The theme of the dinner, held at St. Florian Event Center, was “Anything on Wheels,” a nod to past and present local automotive dealerships as well as wheel-related organizations that have been instrumental in the Jefferson County economy. The keynote speaker was Mark Patton, vice president of Columbus Partnership and co-leader of the Columbus Smart Initiative.

Accepting the 2019 Lifetime Achievement Award was Lou DiGregory of DiGregory’s Greenhouse and Garden Center. DiGregory, who will retire at the end of the year, is in charge of day-to-day operations at the business, which has been in his family for 82 years.

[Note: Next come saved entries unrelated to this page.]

Lemma dilate_translate_elim d Q s w y : s <> 0 -> dilate d s (translate d Q w) y ->
  exists q, Q q /\ forall k, (k < d)%nat -> q k = y k / s - vecZ w k.
Proof.
  intros s0 [t [[q [Qq Hq]] Hy]]. exists q. split; auto.
  intros k Hk. rewrite Hy, Hq by auto. field. auto.
Qed.

Lemma Rabs_IZR_sub_ge1 (u v : Z) : u <> v -> 1 <= Rabs (IZR u - IZR v).
Proof. intros Huv. rewrite <- minus_IZR, Rabs_Zabs. apply IZR_le. lia. Qed.

Section Separation.

Variables (d : nat) (P Q : (nat -> R) -> Prop) (x : nat -> R) (r s : R) (m : Z) (z : list Z).
Hypothesis s0 : 0 < s.
Hypothesis Happrox : forall k, (k < d)%nat -> Rabs (vecZ z k * (/ s - IZR m) - x k) < r.

(* [z] lies in [s (P + m z)] exactly when [(1/s - m) z] lies in [P]. *)
Lemma lattice_point_dilate_translate :
  (forall y, box d x r y -> P y) -> dilate d s (translate d P (map (Z.mul m) z)) (vecZ z).
Proof.
  intros HP. apply (dilate_translate_intro d P s _ _ (fun k => vecZ z k * (/ s - IZR m))).
  - apply HP. exact Happrox.
  - intros k _. rewrite vecZ_scale. field. lra.
Qed.

(* Any other lattice point [z'] gives the point [(1/s - m) z + (z' - z)/s] of [Q], at
   distance more than [1/s - r >= m - r] from [x]. *)
Lemma no_lattice_point_dilate_translate :
  (forall y, box d x r y -> ~ Q y) ->
  (forall q, Q q -> forall k, (k < d)%nat -> Rabs (q k - x k) + r <= IZR m) ->
  IZR m <= / s ->
  forall z', length z' = d -> ~ dilate d s (translate d Q (map (Z.mul m) z)) (vecZ z').
Proof.
  intros HQ Hfar Hms z' _ Hdil.
  destruct (dilate_translate_elim d Q s _ _ ltac:(lra) Hdil) as [q [Qq Hq]].
  assert (Eq : forall k, (k < d)%nat ->
            q k = vecZ z k * (/ s - IZR m) + (vecZ z' k - vecZ z k) / s).
  { intros k Hk. rewrite Hq, vecZ_scale by auto. field. lra. }
  destruct (classic (forall k, (k < d)%nat -> nth k z' 0%Z = nth k z 0%Z))
    as [Hsame|Hdiff].
  - apply (HQ q); auto. intros k Hk. rewrite Eq by auto.
    unfold vecZ at 2 3. rewrite Hsame by auto. unfold Rminus at 3.
    rewrite Rplus_opp_r. unfold Rdiv. rewrite Rmult_0_l, Rplus_0_r. auto.
  - apply not_all_ex_not in Hdiff. destruct Hdiff as [k Hk].
    apply imply_to_and in Hk. destruct Hk as [Hk Hne].
    pose proof (Rabs_IZR_sub_ge1 _ _ Hne) as Hu. fold (vecZ z' k) (vecZ z k) in Hu.
    assert (Hjump : / s <= Rabs ((vecZ z' k - vecZ z k) / s)).
    { unfold Rdiv. rewrite Rabs_mult, (Rabs_pos_eq (/ s))
        by (left; apply Rinv_0_lt_compat; lra).
      rewrite <- (Rmult_1_l (/ s)) at 1.
      apply Rmult_le_compat_r; [left; apply Rinv_0_lt_compat|]; lra. }
    pose proof (Rabs_triang_inv ((vecZ z' k - vecZ z k) / s)
                  (x k - vecZ z k * (/ s - IZR m))) as Htri.
    replace ((vecZ z' k - vecZ z k) / s - (x k - vecZ z k * (/ s - IZR m)))
      with (q k - x k) in Htri by (rewrite Eq by auto; ring).
    rewrite Rabs_minus_sym in Htri.
    pose proof (Hfar q Qq k Hk). pose proof (Happrox k Hk). lra.
Qed.

End Separation.

Lemma dense_inverse (D : R -> Prop) a r :
  (forall s, D s -> 0 < s) ->
  (forall a b, 0 <= a -> a < b -> exists s, D s /\ a < s /\ s < b) ->
  0 < a -> 0 < r -> exists s, D s /\ 0 < s /\ a < / s < a + r.
Proof.
  intros hDpos hDdense a0 r0.
  destruct (hDdense (/ (a + r)) (/ a)) as [s [Ds [Hs1 Hs2]]].
  - left; apply Rinv_0_lt_compat; lra.
  - apply Rinv_lt_contravar; [apply Rmult_lt_0_compat|]; lra.
  - pose proof (hDpos s Ds) as s0. exists s. repeat split; auto.
    + rewrite <- (Rinv_inv a). apply Rinv_lt_contravar; auto.
      apply Rmult_lt_0_compat; auto. apply Rinv_0_lt_compat; lra.
    + rewrite <- (Rinv_inv (a + r)). apply Rinv_lt_contravar; auto.
      apply Rmult_lt_0_compat; auto. apply Rinv_0_lt_compat; lra.
Qed.

Lemma incl_of_L_translate_eq (d : nat) (P Q : (nat -> R) -> Prop) (D : R -> Prop)
  (hP : semi_rational_polytope d P) (hPf : full_dimensional d P)
  (hQ : semi_rational_polytope d Q)
  (hDpos : forall s, D s -> 0 < s)
  (hDdense : forall a b, 0 <= a -> a < b -> exists s, D s /\ a < s /\ s < b)
  (hL : forall (w : list Z) (s : R), length w = d -> D s ->
          L d (translate d P w) s = L d (translate d Q w) s) :
  forall x : nat -> R, P x -> Q x.
Proof.
  destruct hP as [hPh [MP HMP]]. destruct hQ as [hQh [MQ HMQ]].
  intros x0 Px0. apply NNPP. intros nQx0.
  destruct (halfspace_intersection_compl_open d Q hQh x0 nQx0) as [rQ [rQ0 HrQ]].
  destruct (box_incl_avoiding d P hPh Q x0 rQ hPf Px0 rQ0 HrQ)
    as [x [r [r0 [HPbox HQbox]]]].
  set (m := up (Rabs MP + Rabs MQ + r)).
  assert (Hm : Rabs MP + Rabs MQ + r < IZR m) by apply archimed.
  assert (Hfar : forall q, Q q -> forall k, (k < d)%nat -> Rabs (q k - x k) + r <= IZR m).
  { intros q Qq k Hk.
    pose proof (HMQ q Qq k Hk). pose proof (HMP x (HPbox x (box_center d x r r0)) k Hk).
    pose proof (Rabs_triang (q k) (- x k)). rewrite Rabs_Ropp in *.
    pose proof (Rle_abs MP). pose proof (Rle_abs MQ). unfold Rminus. lra. }
  assert (m0 : 0 < IZR m) by (pose proof (Rabs_pos MP); pose proof (Rabs_pos MQ); lra).
  destruct (dense_inverse D (IZR m) r hDpos hDdense m0 r0) as [s [Ds [s0 [Hs1 Hs2]]]].
  destruct (lattice_approx d (/ s - IZR m) x ltac:(lra)) as [z [Hz Happrox]].
  assert (Happrox' : forall k, (k < d)%nat -> Rabs (vecZ z k * (/ s - IZR m) - x k) < r).
  { intros k Hk. specialize (Happrox k Hk). lra. }
  set (w := map (Z.mul m) z).
  assert (Hw : length w = d) by (unfold w; rewrite length_map; auto).
  assert (LP : L d (translate d P w) s <> 0%nat).
  { rewrite L_eq0_iff by (apply bounded_translate; exists MP; auto).
    intros Hno. apply (Hno z Hz).
    apply (lattice_point_dilate_translate d P x r s m z s0 Happrox' HPbox). }
  apply LP. rewrite hL by auto.
  apply L_eq0_iff; [apply bounded_translate; exists MQ; auto|].
  apply (no_lattice_point_dilate_translate d Q x r s m z s0 Happrox' HQbox Hfar); lra.
Qed.

Theorem corollary4p4 (d : nat) (P Q : (nat -> R) -> Prop) (D : R -> Prop)
  (hP : semi_rational_polytope d P) (hPf : full_dimensional d P)
  (hQ : semi_rational_polytope d Q) (hQf : full_dimensional d Q)
  (hDpos : forall s, D s -> 0 < s)
  (hDdense : forall a b, 0 <= a -> a < b -> exists s, D s /\ a < s /\ s < b)
  (hL : forall (w : list Z) (s : R), length w = d -> D s ->
          L d (translate d P w) s = L d (translate d Q w) s) :
  forall x : nat -> R, P x <-> Q x.
Proof.
  intros x. split.
  - apply (incl_of_L_translate_eq d P Q D hP hPf hQ hDpos hDdense hL).
  - apply (incl_of_L_translate_eq d Q P D hQ hQf hP hDpos hDdense).
    intros w s Hw Ds. symmetry. auto.
Qed.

Young Professional of the Year honors went to the United Way’s Kate Sedgmer, while Ohio Valley Natural Relief scored the award for the chamber’s New or Emerging Business of the Year. Nicole Adamski of the Inn and Suites at Franciscan Square was celebrated as the chamber’s Ambassador of the Year.

Ohio Valley Health Center and Valley Wine Center shared Business or Organization of the Year honors, the first tie in the chamber’s history.

Patton told the crowd to brace for sweeping changes that will transform transportation as we know it, pointing out Columbus Smart Initiative won $50 million in grants from the U.S. Department of Transportation and the Paul G. Allen Family Foundation to look at “innovative and safe mobility solutions” that will move the nation away from carbon-based fuels.

He said they initially matched the original $50 million grant, with another $90 million from the private sector. The group now has an “acceleration fund” of upward of $600 million to sustain the initiative.

Patton told chamber members they’re already seeing a shift in transportation trends in Columbus, pointing out there were 667,000 Uber and Lyft rides last year “in a marketplace that had zero just a few years ago.” They’re also logging 9,000 rides a day on scooters in nice weather, while micro-transit buses and bike sharing “are going on all over the place.”

“There’ve been huge changes in how people move around,” he said.

Maple said the chamber, which was founded in 1908, has focused on work force education and training during the past year, “along with making our member benefits better.”

A highlight, she said, was organizing “new, more relevant committees” to carry the chamber’s mission forward in 2020, calling it “a long time in the making.”

Special recognition was given Wednesday to retiring chamber Chair Tony Mougianis of Apollo Professional Cleaning and Restoration, who will serve in an emeritus capacity during the next year, and Ross Gallabrese, executive editor of the Herald-Star and The Weirton Daily Times, who has served as vice chair.

Robert Naylor of Naylor Law Offices, takes over as chairman, with Em-Media’s Jim Emmerling becoming first vice chair.